The management of VHL syndrome is multidisciplinary. The urologist's challenge is to preserve renal and adrenal function in a multifocal, bilateral disease with a high propensity to recur . The diagnosis is clinical and is aided by genetic analysis (3p25 germ-line mutation).
VHLS is detected commonly in the third decade. The median age at presentation shown in the literature varies from 30 to 40 years [3, 9, 10]. In the current series, the median age at presentation was 39 years (23–45). Family history is an essential factor in the clinical criteria for diagnosis and was positive in 60% of patients in this series, similar to previously reported reviews [9, 11].
The presentation of VHLS is varied. The spectrum ranges from incidentally or screen-detected to patients who present with features of cerebellar tumors, pheochromocytomas, or hematuria. If the patients were diagnosed with pheochromocytomas, adrenalectomy gets priority, followed by NSS and then excision of cerebellar tumors. In the present series, 41% of patients presented with hematuria, and a diagnosis of multifocal RCC was made.
The majority of the data on VHLS are from retrospective reviews [10, 11] and a few prospective cohorts . Mutational analysis was performed in 7 of the patients in the present study, which were confirmatory of a germ-line mutation in the short arm of chromosome 3. Neumann et al. and Baghai et al. also performed the above-mentioned mutational analysis (184 and 12 patients) [9, 11].
The prognosis and management of VHLS have significantly improved.
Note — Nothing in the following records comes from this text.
Definition turan_coef2 (W K : rat) : rat :=
  1932097536%:R + 12406099968%:R*K + 36696407040%:R*K^+2 + 66297240576%:R*K^+3 +
  81750885248%:R*K^+4 + 72799538688%:R*K^+5 + 48287231104%:R*K^+6 + 24237319680%:R*K^+7 +
  9251737344%:R*K^+8 + 2672639616%:R*K^+9 + 575166976%:R*K^+10 + 89415552%:R*K^+11 +
  9492224%:R*K^+12 + 615936%:R*K^+13 + 18432%:R*K^+14 + 14060915712%:R*W + 83134126080%:R*W*K +
  225221197824%:R*W*K^+2 + 370268141824%:R*W*K^+3 + 412214697536%:R*W*K^+4 +
  328203957568%:R*W*K^+5 + 192281126976%:R*W*K^+6 + 83926851520%:R*W*K^+7 + 27291118336%:R*W*K^+8 +
  6529368832%:R*W*K^+9 + 1117048448%:R*W*K^+10 + 129391360%:R*W*K^+11 + 9094144%:R*W*K^+12 +
  292864%:R*W*K^+13 + 46715470848%:R*W^+2 + 253608208896%:R*W^+2*K + 627098258944%:R*W^+2*K^+2 +
  934190932096%:R*W^+2*K^+3 + 934073463488%:R*W^+2*K^+4 + 660635649792%:R*W^+2*K^+5 +
  339068395584%:R*W^+2*K^+6 + 127346954880%:R*W^+2*K^+7 + 34787152256%:R*W^+2*K^+8 +
  6760179584%:R*W^+2*K^+9 + 893084032%:R*W^+2*K^+10 + 73408128%:R*W^+2*K^+11 +
  3084288%:R*W^+2*K^+12 + 33792%:R*W^+2*K^+13 + 93964291584%:R*W^+3 + 466905799424%:R*W^+3*K +
  1049666782464%:R*W^+3*K^+2 + 1410125530496%:R*W^+3*K^+3 + 1258797494272%:R*W^+3*K^+4 +
  784981554432%:R*W^+3*K^+5 + 349615008896%:R*W^+3*K^+6 + 111590221312%:R*W^+3*K^+7 +
  25177490560%:R*W^+3*K^+8 + 3878160128%:R*W^+3*K^+9 + 380622208%:R*W^+3*K^+10 +
  20664320%:R*W^+3*K^+11 + 431104%:R*W^+3*K^+12 + 127910482560%:R*W^+4 + 579656694656%:R*W^+4*K +
  1179525919488%:R*W^+4*K^+2 + 1421095713536%:R*W^+4*K^+3 + 1124820753408%:R*W^+4*K^+4 +
  613089019520%:R*W^+4*K^+5 + 234292201216%:R*W^+4*K^+6 + 62598843776%:R*W^+4*K^+7 +
  11420208768%:R*W^+4*K^+8 + 1350004736%:R*W^+4*K^+9 + 93107584%:R*W^+4*K^+10 +
  2957056%:R*W^+4*K^+11 + 18432%:R*W^+4*K^+12 + 124735831744%:R*W^+5 + 513390789440%:R*W^+5*K +
  940710898752%:R*W^+5*K^+2 + 1009912606272%:R*W^+5*K^+3 + 703035029056%:R*W^+5*K^+4 +
  331450378048%:R*W^+5*K^+5 + 107190735808%:R*W^+5*K^+6 + 23520948416%:R*W^+5*K^+7 +
  3373525376%:R*W^+5*K^+8 + 292352000%:R*W^+5*K^+9 + 12965376%:R*W^+5*K^+10 +
  188416%:R*W^+5*K^+11 + 89921270720%:R*W^+6 + 334507975168%:R*W^+6*K + 548591074240%:R*W^+6*K^+2 +
  520785802752%:R*W^+6*K^+3 + 315732518720%:R*W^+6*K^+4 + 127103941248%:R*W^+6*K^+5 +
  34179267776%:R*W^+6*K^+6 + 6005269504%:R*W^+6*K^+7 + 650689792%:R*W^+6*K^+8 +
  38473472%:R*W^+6*K^+9 + 929792%:R*W^+6*K^+10 + 3072%:R*W^+6*K^+11 + 48711855488%:R*W^+7 +
  162850076416%:R*W^+7*K + 237307234176%:R*W^+7*K^+2 + 197355670144%:R*W^+7*K^+3 +
  102933929472%:R*W^+7*K^+4 + 34800951680%:R*W^+7*K^+5 + 7599769728%:R*W^+7*K^+6 +
  1031074688%:R*W^+7*K^+7 + 79281152%:R*W^+7*K^+8 + 2805760%:R*W^+7*K^+9 + 24576%:R*W^+7*K^+10 +
  19938261760%:R*W^+8 + 59497648256%:R*W^+8*K + 76358188928%:R*W^+8*K^+2 +
  54984311552%:R*W^+8*K^+3 + 24282971520%:R*W^+8*K^+4 + 6741518848%:R*W^+8*K^+5 +
  1155446144%:R*W^+8*K^+6 + 114282240%:R*W^+8*K^+7 + 5560320%:R*W^+8*K^+8 + 86016%:R*W^+8*K^+9 +
  6139782336%:R*W^+9 + 16220538688%:R*W^+9*K + 18131649088%:R*W^+9*K^+2 +
  11134012992%:R*W^+9*K^+3 + 4074386560%:R*W^+9*K^+4 + 898889472%:R*W^+9*K^+5 +
  114471424%:R*W^+9*K^+6 + 7414784%:R*W^+9*K^+7 + 172032%:R*W^+9*K^+8 + 1400948928%:R*W^+10 +
  3243908608%:R*W^+10*K + 3113343680%:R*W^+10*K^+2 + 1596794752%:R*W^+10*K^+3 +
  469096960%:R*W^+10*K^+4 + 78002432%:R*W^+10*K^+5 + 6654976%:R*W^+10*K^+6 + 215040%:R*W^+10*K^+7 +
  229796096%:R*W^+11 + 460529536%:R*W^+11*K + 372210688%:R*W^+11*K^+2 + 154702208%:R*W^+11*K^+3 +
  34671616%:R*W^+11*K^+4 + 3930112%:R*W^+11*K^+5 + 172032%:R*W^+11*K^+6 + 25626112%:R*W^+12 +
  43736576%:R*W^+12*K + 28953088%:R*W^+12*K^+2 + 9294336%:R*W^+12*K^+3 + 1443840%:R*W^+12*K^+4 +
  86016%:R*W^+12*K^+5 + 1739776%:R*W^+13 + 2475008%:R*W^+13*K + 1285120%:R*W^+13*K^+2 +
  291840%:R*W^+13*K^+3 + 24576%:R*W^+13*K^+4 + 54272%:R*W^+14 + 62464%:R*W^+14*K +
  23552%:R*W^+14*K^+2 + 3072%:R*W^+14*K^+3.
Nephron sparing surgery is the current gold standard in managing multifocal RCC in patients with VHLS. We had 13 patients who underwent nephron sparing surgeries (open partial nephrectomy). The immediate postoperative renal recovery was good except in one patient who required postoperative hemodialysis for a week. Her renal functions gradually improved, and at five years follow up, it normalized. In the earlier case series published in 1992 by Novick and Streem , the author reported NSS in 12 patients. Two required to be on maintenance hemodialysis, and one patient underwent a renal transplant. However, no patients required renal replacement therapy in the subsequent case reports and series by Shinohara and Jilg et al. [10, 12]. As the operative techniques of NSS and perioperative care have improved over time, the preservation of renal function can be achieved consistently, though multiple surgeries are required.
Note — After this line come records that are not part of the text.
(* Consider the static load balancing game with $m$ servers and $n$ players described in the context. There exists a function $\Phi$ on the set of action profiles $A_1\times\cdots\times A_n$ such that for every player $i\in[n]$ and any two action profiles $(a_i,a_{-i})$ and $(a'_i,a_{-i})$ that differ only in the action of player $i$, $$\Phi(a_i,a_{-i})-\Phi(a'_i,a_{-i})=D_i(a_i,a_{-i})-D_i(a'_i,a_{-i}),$$ i.e., the game is an exact potential game. In particular, the game admits a pure Nash equilibrium, and the best-response dynamics (players sequentially replacing their action by a best response to the current actions of the others) converge to a pure Nash equilibrium.
   Context: Static load balancing game: there are $m$ servers $[m]=\{1,\dots,m\}$ with service rates $\mu_j>0$ and initial loads $s_j^0\ge 0$, and $n$ players $[n]=\{1,\dots,n\}$; player $i$ holds a job of length $\lambda_i>0$ which it can split fractionally among servers. Player $i$'s action set is the probability simplex $A_i=\{a_i=(a_{i1},\dots,a_{im}):\sum_{j=1}^m a_{ij}=1,\ a_{ij}\ge 0\}$, where $a_{ij}$ is the fraction of job $i$ placed on server $j$. Given an action profile $a=(a_1,\dots,a_n)$, the cost of player $i$ is $$D_i(a)=\sum_{j=1}^m \lambda_i a_{ij}\left(\frac{\lambda_i a_{ij}}{2\mu_j}+\frac{s_j^0+\sum_{k\neq i}\lambda_k a_{kj}}{\mu_j}\right),$$ and each player wishes to minimize its own cost. A pure Nash equilibrium is a profile $a$ with $D_i(a_i,a_{-i})\le D_i(a_i',a_{-i})$ for all $i$ and all $a_i'\in A_i$. *)

From HB Require Import structures.
From mathcomp Require Import all_boot all_order all_algebra.
From mathcomp Require Import all_classical all_reals topology normedtype sequences.
Set Implicit Arguments. Unset Strict Implicit. Unset Printing Implicit Defensive.
Import Order.TTheory GRing.Theory Num.Theory.
Local Open Scope ring_scope.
In the present series, the median follow-up was 6.5 years [2,3,4,5,6,7,8,9,10,11,12]. Patients with VHL who undergo NSS have a high chance of recurrence. In the current series, there were seven patients who developed local recurrence (53%). Of these, three patients (17%) required two nephron sparing surgeries. The median time of recurrence was ten years. Local recurrence has also been reported after ten years [13, 14]. Metastasis is rare [3, 9]. In this series, one patient with multifocal RCC developed a local recurrence and metastasis to the pancreas at a follow-up of 10 years. There was no mortality in the present case series. However, there was a 5–10% mortality in the earlier studies [3, 9].
Management of pheochromocytomas in patients with VHLS is also a challenge because of their bilateral occurrence. In the present series, seven patients underwent total adrenalectomies, and 3 with bilateral tumors underwent cortical sparing adrenalectomy. None of the patients developed adrenal insufficiency or crisis in the immediate postoperative period, and none required long-term steroid replacement at a median follow-up of 10 years. In a prospective cohort study by Neumann et al. , 184 patients with VHLS underwent adrenalectomy (30%—cortical sparing). 30% of patients developed adrenal crisis, while 13% of the patients developed iatrogenic Cushings and needed to be on steroid replacement at a median follow-up of 8 years. However, retrospective reviews [11, 15] showed no incidence of adrenal insufficiency.
The study's limitations were that it was a retrospective review with its inherent bias and that the diagnosis in the earlier cases was based on clinical criteria only. Due to the rarity of the disease, the number of patients was few. However, the study's strengths include an excellent follow-up and only a few studies about VHLS from India.
It seems clear that oncological clearance can be optimally achieved by nephron sparing surgery. Though there is a high incidence of recurrence, a second NSS can salvage them without affecting the overall survival. Cortical sparing adrenalectomy in bilateral pheochromocytoma preserves adrenal function and avoids steroid supplementation.